> _About this task_: An exact reproduction of the lines from the one with "move=> kn; apply/in_AE;" to the end of the data below is required. No other lines may be included.

> _Material shown_:

(* Step [s] of the induction adds [s.+1] coinversions, plus up to [k] more
   inversions or coinversions as required; the last clause keeps the strictly
   increasing part of the diagonal long enough for the next step. *)
Lemma Gog_corner_region k t P Q : P + Q <= k * t -> exists b Y,
  [/\ Gog (k.+1 + t) Y, diag_profile (k.+1 + t) b Y,
      inversions (k.+1 + t) Y = 'C(k.+1, 2) + P,
      coinversions (k.+1 + t) Y = 'C(t.+1, 2) + Q & Q = 0 -> b = k.+1].
Proof.
elim: t P Q => [|t IH] P Q PQ.
  have [Y [GY PY invY coinvY]] := Gog_staircase k.
  by exists k.+1, Y; rewrite addn0 invY coinvY (@bin2_small 1) //; split => //; lia.
have [e e_def] : exists e, e = minn Q k by eexists.
have [a a_def] : exists a, a = minn P (k - e) by eexists.
have PQ' : (P - a) + (Q - e) <= k * t by rewrite mulnS in PQ; lia.
have [b [Y [GY PY invY coinvY Q0]]] := IH _ _ PQ'.
have [/andP[b1 _] _ _] := PY.
have b_ge : k - e < b by case: (Q - e =P 0) => [/Q0 | ]; lia.
have [X [GX PX invX coinvX]] :=
  Gog_diag_step GY PY (a := a) (c := k.+1 - e) ltac:(lia) ltac:(lia) ltac:(lia).
exists (k.+1 - e), X; rewrite addnS; split => //.
- by rewrite invX invY; lia.
- by rewrite coinvX coinvY (bin2S t.+1); lia.
- by move=> Q_0; rewrite e_def Q_0; lia.
Qed.

Lemma in_A_Gog n i j : 1 <= n -> in_A n i j ->
  exists X, [/\ Gog n X, inversions n X = i & coinversions n X = j].
Proof.
move=> n1 /in_AE[k kn [ki kj ijn]].
have [t n_eq] : exists t, n = k.+1 + t by exists (n - k.+1); lia.
have nk : n - k = t.+1 by lia.
rewrite n_eq bin2_add in ijn; rewrite nk in kj; rewrite n_eq.
have [b [Y [GY _ invY coinvY _]]] :=
  @Gog_corner_region k t (i - 'C(k.+1, 2)) (j - 'C(t.+1, 2)) ltac:(lia).
by exists Y; split => //; lia.
Qed.

Lemma in_A_corner n k : k <= n - 1 -> in_A n 'C(k.+1, 2) 'C(n - k, 2).
Proof.
move=> kn; apply/in_AE; exists k => //; split => //.
case: n kn => [|n] kn; first by rewrite bin2_small.
have ->: n.+1 = k.+1 + (n - k) by lia.
by rewrite bin2_add (_ : k.+1 + (n - k) - k = (n - k).+1) ?leq_addr //; lia.
Qed.

(** * Uniqueness at the corners *)

Definition under_corner n c k (X : nat -> nat -> nat) :=
  [/\ interlaced n X, top_row n c X,
      inversions n X <= 'C(k.+1, 2) & coinversions n X <= 'C(n - k, 2)].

> _Result_:
move=> kn; apply/in_AE; exists k => //; split => //.
case: n kn => [|n] kn; first by rewrite bin2_small.
have ->: n.+1 = k.+1 + (n - k) by lia.
by rewrite bin2_add (_ : k.+1 + (n - k) - k = (n - k).+1) ?leq_addr //; lia.
Qed.

(** * Uniqueness at the corners *)

Definition under_corner n c k (X : nat -> nat -> nat) :=
  [/\ interlaced n X, top_row n c X,
      inversions n X <= 'C(k.+1, 2) & coinversions n X <= 'C(n - k, 2)].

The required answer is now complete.